Matthew Kriner, executive director of the Institute for Countering Digital Extremism, explained that the San Diego suspects followed a well-established script. “The perpetrators filmed their activities in the same script that we’ve seen previous accelerationist attackers do,” Kriner said. “I think what we’re seeing right off the bat is a recreation of the Tarrant model of the ‘Saints attacker,’ wherein Tarrant provided himself as a cultural script.”
Elliot Chandler, a researcher at the Norway-based monitoring firm Revontulet, described the ideological underpinnings: “It is an ideology that is heavily invested in the idea of ‘cultural degeneracy’ and what are the sources of it. And historically, femininity and the excessive expression of femininity is a core aspect of degeneracy.”
A Dangerous Blind Spot in Counterterrorism Policy
The NPR investigation also highlights a critical policy gap. The Trump administration’s 2026 U.S. Counterterrorism Strategy, released May 6, makes no mention of far-right, neo-Nazi, or white supremacist threats.

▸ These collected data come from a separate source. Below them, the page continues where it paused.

(* 0 <= h_j <= e^{-NmP} + 1 for N witnessing uniform convergence up to 1. *)
Lemma h_bounds : exists H, forall x, InSigmaA l A x -> 0 <= h j x <= H.
Proof.
  destruct (Hh j Hj 1 ltac:(lra)) as [N HN]. set (c := exp (- (INR N * INR m * P))).
  exists (c + 1). intros x Hx. split.
  - destruct (Rle_or_lt 0 (h j x)) as [H|H]; auto. exfalso.
    destruct (Hh j Hj (- h j x) ltac:(lra)) as [N' HN']. specialize (HN' N' x (le_n _) Hx).
    assert (0 <= exp (- (INR N' * INR m * P)) * opiter (L j) N' one x)
      by (apply Rmult_le_pos; [left; apply exp_pos | apply Lm_iter_one_bound; auto]).
    apply Rabs_def2 in HN'. lra.
  - specialize (HN N x (le_n _) Hx). apply Rabs_def2 in HN.
    destruct (Lm_iter_one_bound j N x Hx). assert (0 < c) by apply exp_pos.
    assert (c * opiter (L j) N one x <= c)
      by (rewrite <- (Rmult_1_r c) at 2; apply Rmult_le_compat_l; lra).
    fold c in HN. lra.
Qed.

(* Replacing h_j by a late approximant moves its image under any restricted transfer
   operator by at most e (the operators are positive with L 1 <= 1). *)
Lemma Lgen_near_h e : 0 < e -> exists N0, forall N n C x, (N0 <= N)%nat -> InSigmaA l A x ->
  Rabs (Lgen l A phi n C (h j) x - Lgen l A phi n C (approx j N) x) <= e.
Proof.
  intros He. destruct (Hh j Hj e He) as [N0 HN]. exists N0. intros N n C x HN0 Hx.
  eapply Rle_trans; [apply Lgen_diff; auto|].
  - intros y Hy. rewrite Rabs_minus_sym. left. apply (HN N y HN0 Hy).
  - rewrite <- (Rmult_1_r e) at 2. apply Rmult_le_compat_l; [lra | apply Lgen_one_le1; auto].
Qed.
(* Let $(X,d)$ be a complete separable metric space without isolated points and let $f\colon X\to X$ be a continuous map. Then the following assertions are equivalent: (1) there exists a dense, uniformly Li-Yorke scrambled set in $X$; (2) $f$ is densely uniformly Li-Yorke chaotic; (3) there exists a dense, $\sigma$-Cantor, uniformly Li-Yorke scrambled set in $X$; (4) for every $k\geq 2$, both $\mathrm{Prox}_k(f)$ and $D_k(f)$ are dense in $X^k$.
   Context: A subset $S\subset X$ with at least two points is uniformly Li-Yorke scrambled for $f$ if there exist two sequences $\{p_n\}$, $\{q_n\}$ in $\mathbb{N}$ such that for all $x,y\in S$ with $x\neq y$: $\lim_{n\to\infty} d(f^{p_n}(x),f^{p_n}(y))=0$ and $\lim_{n\to\infty} d(f^{q_n}(x),f^{q_n}(y))=\infty$. The map $f$ is densely uniformly Li-Yorke chaotic if there exists a dense, uncountable, uniformly Li-Yorke scrambled subset of $X$. A Cantor set is a set homeomorphic to the Cantor ternary set; a $\sigma$-Cantor set is a countable union of Cantor sets. For $k\geq 2$, $\mathrm{Prox}_k(f)=\{(x_1,\dots,x_k)\in X^k: \liminf_{n\to\infty}\max_{1\leq i<j\leq k} d(f^n(x_i),f^n(x_j))=0\}$ and $D_k(f)=\{(x_1,\dots,x_k)\in X^k: \limsup_{n\to\infty}\min_{1\leq i<j\leq k} d(f^n(x_i),f^n(x_j))=\infty\}$. *)

From Stdlib Require Import Reals List.
From Coquelicot Require Import Coquelicot.
Open Scope R_scope.

Section MetricDefs.
Variable X : Type.
Variable d : X -> X -> R.

Record is_metric : Prop := {
  met_nonneg : forall x y, 0 <= d x y;
  met_zero   : forall x y, d x y = 0 <-> x = y;
  met_sym    : forall x y, d x y = d y x;
  met_triang : forall x y z, d x z <= d x y + d y z
}.

Definition cauchy_seq (u : nat -> X) : Prop :=
  forall eps, 0 < eps -> exists N, forall m n, (N <= m)%nat -> (N <= n)%nat ->
    d (u m) (u n) < eps.

Definition converges_to (u : nat -> X) (l : X) : Prop :=
  forall eps, 0 < eps -> exists N, forall n, (N <= n)%nat -> d (u n) l < eps.

Definition complete_metric : Prop :=
  forall u, cauchy_seq u -> exists l, converges_to u l.

Definition dense (S : X -> Prop) : Prop :=
  forall x eps, 0 < eps -> exists y, S y /\ d x y < eps.

Definition countable (S : X -> Prop) : Prop :=
  exists g : nat -> X, forall x, S x -> exists n, g n = x.

Definition separable : Prop :=
  exists D : X -> Prop, countable D /\ dense D.

Definition no_isolated_points : Prop :=
  forall x eps, 0 < eps -> exists y, y <> x /\ d x y < eps.

Definition continuous_map (f : X -> X) : Prop :=
  forall x eps, 0 < eps -> exists delta, 0 < delta /\
    forall y, d x y < delta -> d (f x) (f y) < eps.

Definition cantor_ternary (t : R) : Prop :=
  exists a : nat -> bool,
    infinite_sum (fun n => (if a n then 2 else 0) / 3 ^ (S n)) t.
Lemma signed_cone_count (n : nat) (u : nat -> Z * Z) (w : C * C) (v : Z * Z) :
  u (S n) = u O ->
  (forall i, (i <= n)%nat -> crossZ (u i) (u (S i)) = 1%Z) ->
  sum_f_R0 (fun i => angleZ (u i) (u (S i))) n = 2 * PI ->
  im_cross w (u O) <> 0 ->
  sumZ (fun i => (pm (fan_sign w (u i) (u (S i))) *
                  (if fan_cone w (u i) (u (S i)) v then 1 else 0))%Z) n
  = (if is_origin v then 1 else 0)%Z.
Proof.
  intros Hper Hcr Hsum Hw.
  set (A := fun i => sgnZ (crossZ (u i) v)).
  set (p := fun i => pm (im_pos w (u i))).
  assert (H4 : (4 * sumZ (fun i => (pm (fan_sign w (u i) (u (S i))) *
                 (if fan_cone w (u i) (u (S i)) v then 1 else 0))%Z) n
          = sumZ (fun i => A i * A (S i)) n
            + sumZ (fun i => A (S i) * p (S i) - A i * p i) n
            - sumZ (fun i => p i * p (S i)) n)%Z).
  { rewrite <- sumZ_mul_l,
      (sumZ_ext _ (fun i => (A i * A (S i) + (A (S i) * p (S i) - A i * p i)
                             + (-1) * (p i * p (S i)))%Z)).
    - rewrite !sumZ_add, sumZ_mul_l. lia.
    - intros i Hi. unfold fan_sign, fan_cone, fan_apex, fan_edge.
      rewrite Z.mul_assoc, cone_indicator by auto. unfold A, p. ring. }
  rewrite (sumZ_telescope (fun i => (A i * p i)%Z)) in H4.
  unfold A, p in H4. rewrite Hper, Z.sub_diag, sign_changes_im_pos, sign_changes_sgnZ in H4 by auto.
  destruct (is_origin v); lia.
Qed.

(** * Convergence of the double q-products *)

Lemma Cmod_lt_ball (x y : C) (eps : R) : Cmod (x - y) < eps -> ball y eps x.
Proof. apply (norm_compat1 (K := C_AbsRing) (V := C_NormedModule)). Qed.

Lemma ball_Cmod_lt (x y : C) (eps : posreal) : ball y eps x -> Cmod (x - y) < 2 * eps.
Proof.
  intros H. pose proof (C_NormedModule_mixin_compat2 y x eps H) as Hn.
  change (Cmod (x - y) < sqrt 2 * eps) in Hn.
  assert (sqrt 2 < 2) by (rewrite <- (sqrt_pow2 2) at 2 by lra; apply sqrt_lt_1_alt; lra).
  pose proof (cond_pos eps). nra.
Qed.

Lemma filterlim_seq_Cmod (f : nat -> C) (l : C) :
  filterlim f eventually (locally l) <->
  forall eps, 0 < eps -> exists N, forall n, (N <= n)%nat -> Cmod (f n - l) < eps.
Proof.
  split.
  - intros H eps Heps.
    destruct (proj1 (filterlim_locally f l) H (mkposreal (eps / 2) ltac:(lra))) as [N HN].
    exists N. intros n Hn. pose proof (ball_Cmod_lt _ _ _ (HN n Hn)). simpl in *. lra.
  - intros H. apply filterlim_locally. intros eps.
    destruct (H eps (cond_pos eps)) as [N HN].
    exists N. intros n Hn. apply Cmod_lt_ball, HN, Hn.
Qed.

Lemma filterlim_seq_C_unique (f : nat -> C) (l1 l2 : C) :
  filterlim f eventually (locally l1) -> filterlim f eventually (locally l2) -> l1 = l2.
Proof.
  rewrite !filterlim_seq_Cmod. intros H1 H2.
  destruct (Req_dec (Cmod (l1 - l2)) 0) as [E|E].
  - apply Cmod_eq_0 in E. replace l1 with ((l1 - l2) + l2)%C by ring. rewrite E. ring.
  - pose proof (Cmod_ge_0 (l1 - l2)).
    destruct (H1 (Cmod (l1 - l2) / 2) ltac:(lra)) as [N1 HN1].
    destruct (H2 (Cmod (l1 - l2) / 2) ltac:(lra)) as [N2 HN2].
    specialize (HN1 (Nat.max N1 N2) ltac:(lia)). specialize (HN2 (Nat.max N1 N2) ltac:(lia)).
    pose proof (Cmod_triangle (f (Nat.max N1 N2) - l2) (l1 - f (Nat.max N1 N2))).
    replace (f (Nat.max N1 N2) - l2 + (l1 - f (Nat.max N1 N2)))%C with (l1 - l2)%C in * by ring.
    replace (l1 - f (Nat.max N1 N2))%C with (- (f (Nat.max N1 N2) - l1))%C in * by ring.
    rewrite Cmod_opp in *. lra.
Qed.

Lemma Cauchy_seq_C_converges (f : nat -> C) :
  (forall eps, 0 < eps -> exists N, forall m n, (N <= m)%nat -> (N <= n)%nat ->
     Cmod (f m - f n) < eps) ->
  exists l : C, filterlim f eventually (locally l).
Proof.
  intros H.
  apply (proj1 (filterlim_locally_cauchy (U := C_CompleteNormedModule) (F := eventually) f)).
  intros eps. destruct (H eps (cond_pos eps)) as [N HN].
  exists (fun n => (N <= n)%nat). split; [exists N; auto|].
  intros m n Hm Hn. apply Cmod_lt_ball, HN; auto.
Qed.

Lemma Cmod_sub_sym (x y : C) : Cmod (x - y) = Cmod (y - x).
Proof. replace (x - y)%C with (- (y - x))%C by ring. apply Cmod_opp. Qed.

Lemma Cmod_sub_triangle (x y z : C) : Cmod (x - z) <= Cmod (x - y) + Cmod (y - z).
Proof. replace (x - z)%C with ((x - y) + (y - z))%C by ring. apply Cmod_triangle. Qed.

Lemma Cmod_Cpow (a : C) n : Cmod (Cpow a n) = Cmod a ^ n.
Proof. induction n; simpl; [apply Cmod_1|]. rewrite Cmod_mult, IHn. auto. Qed.

Lemma prodC_ext (f g : nat -> C) K :
  (forall j, (j < K)%nat -> f j = g j) -> prodC f K = prodC g K.
Proof.
  induction K; intros H; simpl; auto.
  rewrite IHK by (intros; apply H; lia). rewrite (H K) by lia. reflexivity.
Qed.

Instead, it focuses on narcoterrorists, Islamist terrorists, and “violent left-wing extremists.” As Foreign Policy reported, the document was overseen by White House counterterrorism czar Sebastian Gorka.
Colin Clarke, executive director of the Soufan Center, was blunt in his assessment. “Far-right terrorism is alive and well, but you wouldn’t know it from reading this document,” Clarke told NPR. “This is an unserious document written by unserious people about a deadly serious subject.” He warned that the omission has concrete consequences for resource allocation and prevention efforts, making the country less safe.
Juliette Kayyem, a homeland security expert at Harvard Kennedy School, wrote in The Atlantic that the attack exemplified a danger the administration would rather ignore. She noted that far-right extremism has proven more frequent and deadly than left-wing violence in recent years.
The Mainstreaming of Anti-Woman Rhetoric
The investigation situates the San Diego attack within a broader cultural trend. Helen Lewis’s June 2026 Atlantic cover story documents how extreme anti-woman rhetoric has moved from fringe online spaces to mainstream conservative discourse. Lewis argues that “masculinism” functions as “a perpetual-motion machine of grievance” that holds together the American right.
As Ms. Magazine reported, the shooters’ lengthy involvement in misogynist online communities — one suspect had been active in incel forums since 2022 — calls attention to the known problem of youth being exposed to supremacist content early on. DiBranco argued that this reflects a broader media blind spot: misogyny is so pervasive and normalized that it often fails to register as newsworthy, even when it is central to mass violence.
A Transnational Threat
Experts emphasize that this movement is not confined to the United States. Beirich noted that similar attacks inspired by the same ideology have occurred in Germany, Norway, New Zealand, Serbia, and Slovakia. The Christchurch attack alone provided the template for deadly shootings in El Paso, Texas; Buffalo, New York; Colorado Springs, Colorado; and Jacksonville, Florida.
“These movements, they’re not confined by borders. They are truly transnational,” Beirich said.
What’s Next
The San Diego attack raises urgent questions about how law enforcement and counterterrorism agencies can better recognize misogyny as a potential indicator of broader extremist radicalization. With the current administration’s counterterrorism strategy explicitly omitting far-right threats, experts warn that the nation may be ill-equipped to prevent future attacks rooted in this increasingly dangerous intersection of hatreds.